━━━━━ EXTRACTED ENTRIES ━━━━━
(* Let $\mathcal{H}$ be a right quaternionic Hilbert space and $x_1,\dots,x_n\in\mathcal{H}$ unit vectors. Then for each $m\in\mathbb{N}$ there exist unit vectors $x_{1,m},\dots,x_{n,m}\in\mathbb{H}^n$ such that $\langle x_{i,m},x_{j,m}\rangle=\langle x_i,x_j\rangle\,|\langle x_i,x_j\rangle|^{2m}$ for all $i,j$.
   Context: A right quaternionic Hilbert space is a right $\mathbb{H}$-vector space with inner product satisfying $\langle y,x\rangle=\overline{\langle x,y\rangle}$, $\langle xa+yb,z\rangle=\bar a\langle x,z\rangle+\bar b\langle y,z\rangle$, $\langle z,xa+yb\rangle=\langle z,x\rangle a+\langle z,y\rangle b$, $\langle x,x\rangle>0$ for $x\ne0$. $\mathbb{H}^n$ carries $\langle x,y\rangle=\sum_k\bar x_ky_k$. *)

From HB Require Import structures.
From mathcomp Require Import all_boot all_order all_algebra.
From mathcomp Require Import reals.
Set Implicit Arguments. Unset Strict Implicit. Unset Printing Implicit Defensive.
Import Order.TTheory GRing.Theory Num.Theory.
Local Open Scope ring_scope.

Section Quat.
Variable R : realType.

(* q = q0 + q1 i + q2 j + q3 k *)
Record quat := Quat { q0 : R; q1 : R; q2 : R; q3 : R }.

Definition qreal (r : R) : quat := Quat r 0 0 0.
Definition qzero : quat := qreal 0.
Definition qone : quat := qreal 1.
Definition qadd (p q : quat) : quat :=
  Quat (q0 p + q0 q) (q1 p + q1 q) (q2 p + q2 q) (q3 p + q3 q).
Definition qopp (p : quat) : quat := Quat (- q0 p) (- q1 p) (- q2 p) (- q3 p).
Definition qmul (p q : quat) : quat :=
  Quat (q0 p * q0 q - q1 p * q1 q - q2 p * q2 q - q3 p * q3 q)
       (q0 p * q1 q + q1 p * q0 q + q2 p * q3 q - q3 p * q2 q)
       (q0 p * q2 q - q1 p * q3 q + q2 p * q0 q + q3 p * q1 q)
       (q0 p * q3 q + q1 p * q2 q - q2 p * q1 q + q3 p * q0 q).
Definition qconj (p : quat) : quat := Quat (q0 p) (- q1 p) (- q2 p) (- q3 p).
Definition qabs (p : quat) : R :=
  Num.sqrt (q0 p ^+ 2 + q1 p ^+ 2 + q2 p ^+ 2 + q3 p ^+ 2).
Definition qpos (p : quat) : Prop :=
  [/\ 0 < q0 p, q1 p = 0, q2 p = 0 & q3 p = 0].

Record QHilbert := {
  hcar :> Type;
  hadd : hcar -> hcar -> hcar;
  hzero : hcar;
  hopp : hcar -> hcar;
  hscale : hcar -> quat -> hcar;
  hip : hcar -> hcar -> quat;
  haddA : forall x y z, hadd x (hadd y z) = hadd (hadd x y) z;
  haddC : forall x y, hadd x y = hadd y x;
  hadd0 : forall x, hadd x hzero = x;
  haddN : forall x, hadd x (hopp x) = hzero;
  hscaleM : forall x a b, hscale x (qmul a b) = hscale (hscale x a) b;
  hscale1 : forall x, hscale x qone = x;
  hscaleDv : forall x y a, hscale (hadd x y) a = hadd (hscale x a) (hscale y a);
  hscaleDs : forall x a b, hscale x (qadd a b) = hadd (hscale x a) (hscale x b);
  hip_conj : forall x y, hip y x = qconj (hip x y);
  hip_linl : forall x y z a b,
    hip (hadd (hscale x a) (hscale y b)) z
    = qadd (qmul (qconj a) (hip x z)) (qmul (qconj b) (hip y z));
  hip_linr : forall x y z a b,
    hip z (hadd (hscale x a) (hscale y b))
    = qadd (qmul (hip z x) a) (qmul (hip z y) b);
  hip_pos : forall x, x <> hzero -> qpos (hip x x);
  hcomplete : forall u : nat -> hcar,
    (forall e : R, 0 < e -> exists N : nat, forall p q : nat, (N <= p)%N -> (N <= q)%N ->
        Num.sqrt (q0 (hip (hadd (u p) (hopp (u q))) (hadd (u p) (hopp (u q))))) < e) ->
    exists l : hcar, forall e : R, 0 < e -> exists N : nat, forall p : nat, (N <= p)%N ->
        Num.sqrt (q0 (hip (hadd (u p) (hopp l)) (hadd (u p) (hopp l)))) < e
}.

Definition hnorm (H : QHilbert) (x : H) : R := Num.sqrt (q0 (hip x x)).

Definition qvec (n : nat) := 'I_n -> quat.
Definition qvec_ip (n : nat) (x y : qvec n) : quat :=
  \big[qadd/qzero]_(k < n) qmul (qconj (x k)) (y k).
Definition qvec_norm (n : nat) (x : qvec n) : R := Num.sqrt (q0 (qvec_ip x x)).

End Quat.

(* Gram–Schmidt works in any quaternionic inner product space, so the Gram
   matrix G of x_1, ..., x_n is the Gram matrix of some family in H^n.  Call
   such matrices realizable.  If A and B are realizable, by w_i and y_i, then so
   is the entrywise product of A with |B|^2: the number |<y_i, y_j>|^2 is the
   Euclidean inner product of the real coordinate vectors of the outer products
   (y_il conj(y_ik))_(l,k), and tensoring w_i with these real vectors (real
   scalars are central in H) gives a family with Gram matrix A |B|^2 in a
   larger H^N, which Gram–Schmidt brings back to H^n.  Starting from A = B = G
   and iterating m times realizes G |G|^(2m), whose diagonal is 1. *)

From HB Require Import structures.
From mathcomp Require Import all_boot all_order all_algebra.
From mathcomp Require Import reals ring.
From Stdlib Require Import Classical FunctionalExtensionality.
Import Order.TTheory GRing.Theory Num.Theory.
Local Open Scope ring_scope.
Set Implicit Arguments. Unset Strict Implicit.

Section QuatRing.
Variable R : realType.
Implicit Types (p q : quat R) (a b : R).

Definition quat_tuple q := (q0 q, q1 q, q2 q, q3 q).
Definition tuple_quat (t : R * R * R * R) : quat R :=
  let '(a, b, c, d) := t in Quat a b c d.
Lemma quat_tupleK : cancel quat_tuple tuple_quat. Proof. by case. Qed.
HB.instance Definition _ := Choice.copy (quat R) (can_type quat_tupleK).

Ltac quat_ring :=
  repeat case=> ????; cbn; unfold qadd, qopp, qmul, qconj, qreal, qzero, qone; cbn;
  try congr Quat; ring.

Lemma qaddA : associative (@qadd R). Proof. quat_ring. Qed.
Lemma qaddC : commutative (@qadd R). Proof. quat_ring. Qed.
Lemma qadd0r : left_id (qzero R) (@qadd R). Proof. quat_ring. Qed.
Lemma qaddNr : left_inverse (qzero R) (@qopp R) (@qadd R). Proof. quat_ring. Qed.
HB.instance Definition _ := GRing.isZmodule.Build (quat R) qaddA qaddC qadd0r qaddNr.

Lemma qmulA : associative (@qmul R). Proof. quat_ring. Qed.
Lemma qmul1r : left_id (qone R) (@qmul R). Proof. quat_ring. Qed.
Lemma qmulr1 : right_id (qone R) (@qmul R). Proof. quat_ring. Qed.
Lemma qmulDl : left_distributive (@qmul R) (@qadd R). Proof. quat_ring. Qed.
Lemma qmulDr : right_distributive (@qmul R) (@qadd R). Proof. quat_ring. Qed.
Lemma qone_neq0 : qone R != 0. Proof. by apply/eqP => -[/eqP]; rewrite oner_eq0. Qed.
HB.instance Definition _ :=
  GRing.Zmodule_isNzRing.Build (quat R) qmulA qmul1r qmulr1 qmulDl qmulDr qone_neq0.

Lemma qreal_is_zmod_morphism : zmod_morphism (@qreal R).
Proof. by move=> a b; quat_ring. Qed.
HB.instance Definition _ :=
  GRing.isZmodMorphism.Build R (quat R) (@qreal R) qreal_is_zmod_morphism.
Lemma qreal_is_monoid_morphism : monoid_morphism (@qreal R).
Proof. by split=> [|a b]; quat_ring. Qed.
HB.instance Definition _ :=
  GRing.isMonoidMorphism.Build R (quat R) (@qreal R) qreal_is_monoid_morphism.

Lemma qconj_is_zmod_morphism : zmod_morphism (@qconj R). Proof. quat_ring. Qed.
HB.instance Definition _ :=
  GRing.isZmodMorphism.Build (quat R) (quat R) (@qconj R) qconj_is_zmod_morphism.

Lemma q0_is_zmod_morphism : zmod_morphism (@q0 R). Proof. by do 2!case=> ????. Qed.
HB.instance Definition _ :=
  GRing.isZmodMorphism.Build (quat R) R (@q0 R) q0_is_zmod_morphism.

Lemma qaddE p q : qadd p q = p + q. Proof. by []. Qed.
Lemma qmulE p q : qmul p q = p * q. Proof. by []. Qed.

Lemma qconj_sum I r (P : pred I) (F : I -> quat R) :
  qconj (\sum_(i <- r | P i) F i) = \sum_(i <- r | P i) qconj (F i).
Proof. exact: raddf_sum. Qed.
Lemma q0_sum I r (P : pred I) (F : I -> quat R) :
  q0 (\sum_(i <- r | P i) F i) = \sum_(i <- r | P i) q0 (F i).
Proof. exact: raddf_sum. Qed.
━━━━━
◆ **WHAT NEEDS TO BE DONE**: Exactly the lines from the one containing "qconj (\sum_(i <- r" through the end of the entries above must be output, and no others.

◆ **RESPONSE TO THE TASK**:
  qconj (\sum_(i <- r | P i) F i) = \sum_(i <- r | P i) qconj (F i).
Proof. exact: raddf_sum. Qed.
Lemma q0_sum I r (P : pred I) (F : I -> quat R) :
  q0 (\sum_(i <- r | P i) F i) = \sum_(i <- r | P i) q0 (F i).
Proof. exact: raddf_sum. Qed.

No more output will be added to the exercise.